Wie West, 32, said she also plans to play in next year's Women's Open at Pebble Beach. The five-time LPGA winner, whose victories include her only major championship at the 2014 U.S. Women's Open, stopped short of calling it a retirement.
"I'm definitely not ruling anything out," Wie West told Golfweek.
Wie West gave birth to her daughter, Makenna, in June 2020. She said she has struggled to keep up with the physical demands of playing on tour. She has competed in just one event this season, the opening Hilton Grand Vacations Tournament of Champions, in which she finished tied for last.
"At times, if I do play a lot of golf," she said, "I'm just in bed. Or I can't lift [Makenna] up, and that scared me."
Wie West was the youngest player to ever qualify for the U.S. Women's Amateur Public Links Championship at age 10 in 2000. Two years later, she became the youngest woman to qualify for an LPGA event at the Takefuji Classic in Hawaii. In 2003, at the Kraft Nabisco Championship, Wie West became the youngest player to make the cut at an LPGA event. She carded a 66 in the third round, tying the lowest score by an amateur at a women's major. That same year, she won the Women's Amateur Public Links at age 13, becoming the youngest player, male or female, to win a USGA adult event.

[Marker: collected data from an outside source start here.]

Lemma sum_nodes_per (G : nat -> R) :
  \sum_n p D n * G (per n) = \sum_(1 <= t < T.+1) G t.
Proof.
transitivity (\sum_(1 <= t < T.+1) \sum_n (if per n == t then p D n * G t else 0)).
  rewrite exchange_big /=; apply: eq_bigr => n _.
  rewrite -big_mkcond -big_filter.
  have -> : [seq t <- index_iota 1 T.+1 | per n == t] = [:: per n].
    rewrite (@eq_filter _ _ (pred1 (per n))); last by move=> t; rewrite /= eq_sym.
    apply: filter_pred1_uniq; first exact: iota_uniq.
    by rewrite mem_index_iota per_gt0 ltnS per_le_T.
  by rewrite big_seq1.
apply: eq_big_nat => t t_range; rewrite -big_mkcond /= -mulr_suml.
by case: wfD => _ _ _ [_ + _ _] _ => ->; rewrite ?mul1r.
Qed.

(** Period [t] pays for [fsum t] with weight [1 - lam t] through [ftil], and
    period [t - 1] with weight [lam t] through [lamtil]; moving [lam t * fsum t]
    between them makes the excesses telescope to [fsum]. *)
Definition risk_share t := if (1 < t <= T)%N then lam D t * fsum t else 0.

Lemma rounding_excessE n :
  rounding_excess n = fsum (per n) + (risk_share (per n).+1 - risk_share (per n)).
Proof.
rewrite /rounding_excess /ftil /lamtil /is_leaf /risk_share ltnS per_gt0 per_le_T andbT.
rewrite [(per n < T)%N]ltn_neqAle per_le_T andbT /=.
case: (eqVneq n r) => [->|nr]; first by rewrite per_root subr0; case: eqP; rewrite ?mul0r.
rewrite (per_par nr) ltnS per_gt0 -(per_par nr) -mulr_sumr.
by case: eqP => _ /=; rewrite ?mul0r /fsum; ring.
Qed.

Lemma sum_rounding_excess :
  \sum_n p D n * rounding_excess n = \sum_(1 <= t < T.+1) fsum t.
Proof.
under eq_bigr do rewrite rounding_excessE.
rewrite (sum_nodes_per (fun t => fsum t + (risk_share t.+1 - risk_share t))).
rewrite big_split /= telescope_sumr // /risk_share !ltnn andbF.
by rewrite subrr addr0.
Qed.

Lemma zMS_rounding_le {x eta y u x1 eta1} :
  lp_feasible x eta y u -> step_a y u x1 eta1 ->
  zMS x1 eta1 y u <= zMS x eta y u + \sum_(1 <= t < T.+1) fsum t.
Proof.
case=> [[x_ge0 _ _] _ cov risk] stepA.
have ceil_cap n i : ceilR (cap x n i) <= cap x n i + 1 by apply: ceilR_le_add1.
have := zMS_step_a_le stepA ler01 cov (cap_monotone_ge0 x_ge0) risk ceil_cap.
by rewrite mul1r sum_rounding_excess.
Qed.

Lemma zMS_reround_le {y u x eta y1 u1 x1 eta1} :
  step_a y u x eta -> step_b x eta y1 u1 -> step_a y1 u1 x1 eta1 ->
  zMS x1 eta1 y1 u1 <= zMS x eta y1 u1.
Proof.
move=> stepA stepB stepA1; have [cov risk _] := step_b_feasible stepB.
have ceil_cap n i : ceilR (cap x n i) <= cap x n i + 0.
  by rewrite addr0 (cap_step_a_int stepA).
have := zMS_step_a_le stepA1 (lexx 0) cov (cap_monotone_step_a stepA) risk ceil_cap.
by rewrite mul0r addr0.
Qed.

Lemma zMS_iterates_le {xs : nat -> xvar D} {es : nat -> svar D}
    {ys : nat -> yvar D} {us : nat -> svar D} {K} :
  recourse_feasible (ys 0%N) (us 0%N) ->
  (forall k, (k < K)%N -> step_a (ys k) (us k) (xs k.+1) (es k.+1) /\
                          step_b (xs k.+1) (es k.+1) (ys k.+1) (us k.+1)) ->
  forall k, (k < K)%N ->
  zMS (xs k.+1) (es k.+1) (ys k.+1) (us k.+1) <= zMS (xs 1%N) (es 1%N) (ys 0%N) (us 0%N).
Proof.
move=> feas0 steps; elim=> [|k IH] lt_k.
  have [stepA stepB] := steps 0%N lt_k.
  exact: zMS_step_b_le feas0 (covers_step_a stepA) (risk_feasible_step_a stepA) stepB.
have [stepA stepB] := steps k (ltnW lt_k).
have [stepA1 stepB1] := steps k.+1 lt_k.
have [_ _ feas] := step_b_feasible stepB.
apply: le_trans (IH (ltnW lt_k)).
apply: le_trans (zMS_reround_le stepA stepB stepA1).
exact: zMS_step_b_le feas (covers_step_a stepA1) (risk_feasible_step_a stepA1) stepB1.
Qed.

End Proposition4.

Theorem proposition4 (R : realType) (D : data R) (eps : R)
    (xH : xvar D) (etaH : svar D) (yH : yvar D) (uH : svar D)
    (xs : xvar D) (es : svar D) (ys : yvar D) (us : svar D) :
  wf D -> 0 < eps ->
  alg1_output eps xH etaH yH uH ->
  ms_optimal xs es ys us ->
  zMS xH etaH yH uH - zMS xs es ys us
    <= \sum_(1 <= t < (T D).+1) \sum_(i < M D) f D t i.
Proof.
move=> wfD _ [xs0 [es0 [ys0 [us0 [[lp0 lp0_opt] output]]]]] [ms_feas _].
have lp_le_opt := lp0_opt _ _ _ _ ms_feas.1.
have F_ge0 := sum_fsum_ge0 wfD.
case: output => [[_ [-> -> -> ->]] | [_ [K [K_gt0 steps _ _ [-> -> -> ->]]]]].
  by rewrite /fsum in F_ge0; lra.
have feas0 : recourse_feasible (ys0 0%N) (us0 0%N).
  by case: lp0 => [[_ y_ge0 u_ge0] dem _ _].
have rounding := zMS_rounding_le wfD lp0 (steps 0%N K_gt0).1.
have := zMS_iterates_le wfD feas0 steps K.-1; rewrite prednK // => /(_ (leqnn K)).
by rewrite /fsum in rounding; lra.
Qed.
Section EulerSums.
Variables (psi : nat -> algC) (F : nat).
Hypotheses (hd : dirichlet_char F psi) (F_odd : odd F).

(* Induction on [s]: the block [K < a <= K + 2F] contributes
   [- S(K) + S(K + F)], with [S(y) = sum_(a <= F) (-1)^a psi a (a + y)^m],
   since [K] is odd and [K + F] even. *)
Lemma alt_sum_odd_period m s :
  2 * alt_sum psi m (F * s.*2.+1) = gen_euler psi F m + euler_poly psi F m (F * s.*2.+1)%:R.
Proof.
elim: s => [|s IH]; first by rewrite muln1 -euler_rhsE.
set K := (F * s.*2.+1)%N in IH *.
have K_odd : odd K by rewrite /K oddM F_odd /= odd_double.
have -> : (F * (s.+1).*2.+1 = K + (F + F))%N by rewrite /K doubleS; lia.
pose g a := (-1) ^+ a * psi a * (a%:R : algC) ^+ m.
rewrite /alt_sum (sum_nat_split3 g) -/(alt_sum psi m K) !mulrDr IH.
have -> : \sum_(1 <= j < F.+1) g (K + j)%N =
    - \sum_(1 <= a < F.+1) (-1) ^+ a * psi a * (a%:R + K%:R) ^+ m.
  rewrite -sumrN; apply: eq_bigr => b _.
  rewrite /g exprD -[(-1) ^+ K]signr_odd K_odd expr1 natrD addrC.
  by rewrite [(K + b)%N]addnC (dchar_per hd); ring.
have -> : \sum_(1 <= j < F.+1) g (K + (F + j))%N =
    \sum_(1 <= a < F.+1) (-1) ^+ a * psi a * (a%:R + (F + K)%:R) ^+ m.
  apply: eq_bigr => b _; rewrite /g addnA exprD -[(-1) ^+ (K + F)]signr_odd.
  rewrite oddD K_odd F_odd expr0 mul1r [(K + F + b)%N]addnC.
  rewrite (_ : K + F = F * s.*2.+2)%N; last by rewrite /K; lia.
  by rewrite (dchar_per hd) natrD /K; congr (_ * (_ + _%:R) ^+ _); lia.
rewrite mulrN !shifted_sumE natrD.
have -> : (F%:R + (F%:R + K%:R) : algC) = (K + (F + F))%:R by rewrite !natrD; ring.
ring.
Qed.

End EulerSums.

Section EulerCongruences.
Variables (p : nat) (v : algC -> rat) (psi : nat -> algC) (F : nat).
Hypotheses (hv : padic_valuation p v) (pp : prime p) (p_odd : odd p).
Hypotheses (hd : dirichlet_char F psi) (F_odd : odd F).

Lemma val_ge_euler_rhs m : val_ge v 0 (euler_rhs psi F m).
Proof.
apply: (val_ge_sum hv) => a _; apply: (val_geMl hv); last exact/(val_ge0X hv)/(val_ge_nat hv).
by apply: (val_geMl hv); [apply: (val_ge_sign hv) | apply: (val_ge_dchar hd hv)].
Qed.

Lemma val_ge_gen_euler m : val_ge v 0 (gen_euler psi F m).
Proof.
elim/ltn_ind: m => -[_|m IH]; first exact: val_ge_euler_rhs.
rewrite gen_eulerS; apply: (val_geB hv); first exact: val_ge_euler_rhs.
apply: (val_geMl hv); first exact: (val_ge_inv2 hv pp).
apply: (val_ge_sum hv) => i _; apply: (val_geMl hv); last exact: IH.
by apply: (val_geMl hv (val_ge_nat hv _)); apply/(val_ge0X hv)/(val_ge_nat hv).
Qed.

Lemma alt_sum_cong m M N : (F %| M)%N -> odd M -> (p ^ N %| M)%N ->
  val_ge v N%:R (alt_sum psi m M - gen_euler psi F m).
Proof.
move=> FM M_odd pM.
have [s Ms] : exists s, M = (F * s.*2.+1)%N.
  have ho : odd (M %/ F) by move: M_odd; rewrite -{1}(divnK FM) oddM => /andP [].
  exists (M %/ F)./2; have := odd_double_half (M %/ F).
  by rewrite ho add1n => ->; rewrite mulnC divnK.
have n20 : (2 : algC) != 0 by rewrite pnatr_eq0.
have -> : alt_sum psi m M - gen_euler psi F m =
    2^-1 * (euler_poly psi F m M%:R - gen_euler psi F m).
  apply: (mulfI n20); rewrite mulrA mulfV // mul1r mulrBr Ms alt_sum_odd_period //.
  ring.
apply: (val_geMl hv); first exact: (val_ge_inv2 hv pp).
rewrite /euler_poly big_ord_recr /= subnn expr0 binn mulr1 mul1r addrK.
apply: (val_ge_sum hv) => -[i /= im] _; rewrite -mulrA; apply: (val_geMl hv (val_ge_nat hv _)).
apply: (val_geMr hv); last exact: val_ge_gen_euler.
rewrite (_ : m - i = (m - i).-1.+1)%N ?exprS; last lia.
by apply: (val_geMr hv); [apply: (val_ge_natX hv pp) | apply/(val_ge0X hv)/(val_ge_nat hv)].
Qed.

(* Splitting off the multiples [a = p b] of [p] in [alt_sum] relates the sums
   up to [L p^(N+1)] and [L p^N], both congruent to [E_m]. *)
Lemma eps_cong m L N : (F %| L)%N -> odd L -> (0 < m)%N ->
  val_ge v N.+1%:R ((1 - psi p * p%:R ^+ m) * gen_euler psi F m
                     - alt_sum_coprime p psi m (L * p ^ N.+1)).
Proof.
move=> FL L_odd m_gt0.
set M1 := (L * p ^ N)%N; set M := (L * p ^ N.+1)%N.
have M1_odd : odd M1 by rewrite /M1 oddM L_odd oddX p_odd orbT.
have eM : M = (p * M1)%N by rewrite /M /M1 expnS; ring.
have hS : alt_sum psi m M = alt_sum_coprime p psi m M + psi p * p%:R ^+ m * alt_sum psi m M1.
  rewrite /alt_sum /alt_sum_coprime (bigID (fun a => (p %| a)%N)) /= addrC; congr (_ + _).
  rewrite eM sum_multiples ?prime_gt0 // mulr_sumr; apply: eq_bigr => b _.
  rewrite (dcharM hd) natrM exprMn exprM -[(-1) ^+ p]signr_odd p_odd expr1.
  by ring.
have -> : (1 - psi p * p%:R ^+ m) * gen_euler psi F m - alt_sum_coprime p psi m M =
    - (alt_sum psi m M - gen_euler psi F m)
    + psi p * p%:R ^+ m * (alt_sum psi m M1 - gen_euler psi F m).
  by rewrite hS; ring.
apply: (val_geD hv).
  apply/(val_geN hv)/alt_sum_cong; [exact: dvdn_mulr | | exact: dvdn_mull].
  by rewrite eM oddM p_odd.
rewrite -mulrA; apply: (val_geMl hv (val_ge_dchar hd hv _)).
apply: (val_ge_le (s := (m + N)%:R)); first by rewrite ler_nat; lia.
rewrite natrD; apply: (val_geM hv); first exact: (val_ge_pX hv pp).
by apply: alt_sum_cong; [exact: dvdn_mulr | | exact: dvdn_mull].
Qed.

End EulerCongruences.

Lemma DeltaB c k (a b : nat -> algC) n :
  Delta c k (fun m => a m - b m) n = Delta c k a n - Delta c k b n.
Proof. by rewrite /Delta -sumrB; apply: eq_bigr => j _; rewrite mulrBr. Qed.

Lemma val_ge_Delta p v (hv : padic_valuation p v) r c k (a : nat -> algC) n :
  (forall m, (n <= m)%N -> val_ge v r (a m)) -> val_ge v r (Delta c k a n).
Proof.
move=> ha; apply: (val_ge_sum hv) => j _; apply: (val_geMl hv); last exact/ha/leq_addr.
exact: (val_geMl hv (val_ge_nat hv _) (val_ge_sign hv _)).
Qed.

Section DeltaCongruence.
Variables (p : nat) (v : algC -> rat) (omega : nat -> algC)
  (f : nat) (chi : nat -> algC) (chin : nat -> nat -> algC) (fn : nat -> nat).
Hypotheses (hv : padic_valuation p v) (pp : prime p) (p_odd : odd p).
Hypotheses (ht : teichmuller p v omega) (hchi : primitive_char f chi) (f_odd : odd f).
Hypothesis hap : assoc_primitive p f chi omega chin fn.
Variables (c k : nat).
Hypothesis hc : (p.-1 %| c)%N.

Let T M m := alt_sum_coprime p (chin m) m M.

Lemma eps_cong_alt_sum m : (0 < m)%N ->
  val_ge v k.+1%:R (eps p chin fn m - T (lcmn f p * p ^ k.+1) m).
Proof.
have L_odd : odd (lcmn f p).
  by apply: (@dvdn_odd _ (f * p)); rewrite ?oddM ?f_odd // dvdn_lcm dvdn_mulr // dvdn_mull.
have FL := conductor_dvd hv pp ht hchi hap m.
exact: (eps_cong hv pp p_odd (chin_dchar hap m) (dvdn_odd FL L_odd) k FL L_odd).
Qed.

Lemma Delta_eps_cong m : (0 < m)%N ->
  val_ge v k.+1%:R (Delta c k (eps p chin fn) m - Delta c k (T (lcmn f p * p ^ k.+1)) m).
Proof.
move=> m_gt0; rewrite -DeltaB; apply: (val_ge_Delta hv) => l lm.
by apply: eps_cong_alt_sum; apply: leq_trans lm.
Qed.

(* Binomial expansion of [(a^c)^j] in [Delta]; [omega(a)^-(m + j c)] does not
   depend on [j] because [p - 1] divides [c]. *)
Lemma Delta_alt_sum_coprime M m : Delta c k (T M) m =
  \sum_(1 <= a < M.+1 | ~~ (p %| a)%N)
     (-1) ^+ a * chi a * omega a ^- m * a%:R ^+ m * (a%:R ^+ c - 1) ^+ k.
Proof.
rewrite /Delta /T /alt_sum_coprime.
under eq_bigr => j _ do rewrite mulr_sumr.
rewrite exchange_big /=; apply: eq_bigr => a pa.
rewrite addrC exprDn mulr_sumr; apply: eq_bigr => j _.
rewrite (chinE_prime_to_p hv pp ht hchi hap) //.
have -> : omega a ^- (m + j * c) = omega a ^- m.
  rewrite (omegaX_mod ht) // [in RHS](omegaX_mod ht) // -modnDmr.
  by rewrite (eqP (_ : (j * c) %% p.-1 == 0)%N) ?addn0 // -/(dvdn _ _) dvdn_mull.
by rewrite exprD mulnC exprM -mulr_natl; ring.
Qed.

(* By Fermat, [a^n = a^n'] and [a^c = 1] modulo [p] for [p] not dividing [a]. *)
Lemma Delta_alt_sum_coprime_cong M n n' : n = n' %[mod p.-1] ->
  val_ge v k.+1%:R (Delta c k (T M) n - Delta c k (T M) n').
Proof.
move=> nn'; rewrite !Delta_alt_sum_coprime -sumrB.
apply: (val_ge_sum hv) => a pa.
rewrite (omegaX_mod ht _ pa) [in X in _ - X](omegaX_mod ht n' pa) -nn' -(omegaX_mod ht _ pa).
rewrite -mulrBl -mulrBr -mulrA; apply: (val_geMl hv).
  apply: (val_geMl hv); last exact: (val_ge_omegaV hv pp ht).
  exact: (val_geMl hv (val_ge_sign hv _) (val_ge_dchar (hchi.1) hv _)).
rewrite -natr1 addrC; apply: (val_geM hv).
  rewrite -!natrX; apply: (val_ge_cong hv pp).
  by rewrite (expn_mod_pred pp _ pa) [in RHS](expn_mod_pred pp _ pa) nn'.
apply: (val_geX hv); rewrite -natrX; apply: (val_ge_cong hv pp (y := 1)).
by rewrite (expn_mod_pred pp _ pa) (eqP (_ : c %% p.-1 == 0)%N).
Qed.

End DeltaCongruence.

Lemma val_ge_cong_mod_pow v m x y : val_ge v m%:R (x - y) -> cong_mod_pow v m x y.
Proof. by case=> [/eqP|]; [rewrite subr_eq0 => /eqP; left | right]. Qed.

Unset Implicit Arguments.

Theorem corollary3p2 (p : nat) (v : algC -> rat) (omega : nat -> algC)
    (f : nat) (chi : nat -> algC) (chin : nat -> nat -> algC) (fn : nat -> nat)
    (n n' c k : nat) :
  prime p -> odd p ->
  padic_valuation p v -> teichmuller p v omega ->
  primitive_char f chi -> odd f ->
  assoc_primitive p f chi omega chin fn ->
  (0 < n)%N -> (0 < n')%N -> (0 < c)%N -> (0 < k)%N ->
  n = n' %[mod p.-1] -> (p.-1 %| c)%N ->
  cong_mod_pow v k.+1 (Delta c k (eps p chin fn) n) (Delta c k (eps p chin fn) n').
Proof.
move=> pp p_odd hv ht hchi f_odd hap n_gt0 n'_gt0 _ _ nn' hc.
apply: val_ge_cong_mod_pow.
pose DT := Delta c k (fun m => alt_sum_coprime p (chin m) m (lcmn f p * p ^ k.+1)).
have -> : Delta c k (eps p chin fn) n - Delta c k (eps p chin fn) n' =
    (Delta c k (eps p chin fn) n - DT n) - (Delta c k (eps p chin fn) n' - DT n')
    + (DT n - DT n') by ring.
apply: (val_geD hv).
  by apply: (val_geB hv); apply: (Delta_eps_cong hv pp p_odd ht hchi f_odd hap).
exact: (Delta_alt_sum_coprime_cong hv pp ht hchi hap k hc).
Qed.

Wie West earned more than $6.8 million in career endorsements and far more in sponsorships.
Wie West also competed against men eight times on the PGA Tour. Playing on a sponsor's exemption at the 2004 Sony Open in Hawaii, she missed the cut by a stroke and shot 68 in the second round, the lowest score ever recorded by a woman in a PGA Tour event.
"I feel like my whole career, I've done the opposite of what people thought I should do," Wie West told ESPN in 2020. "I'm choosing to be happy, and I think that when I stepped away from the game a little bit, I just realized it wasn't good for my body and good for me mentally."
Her LPGA career was derailed by wrist injuries, and she has played sporadically in recent seasons. Her last victory came at the HSBC Women's World Championships in March 2018.
"I don't have any regrets because I feel like I've always learned from every mistake that I've made," she told Golfweek. "I feel like even if it was a huge major fail, at least it makes for a good story now."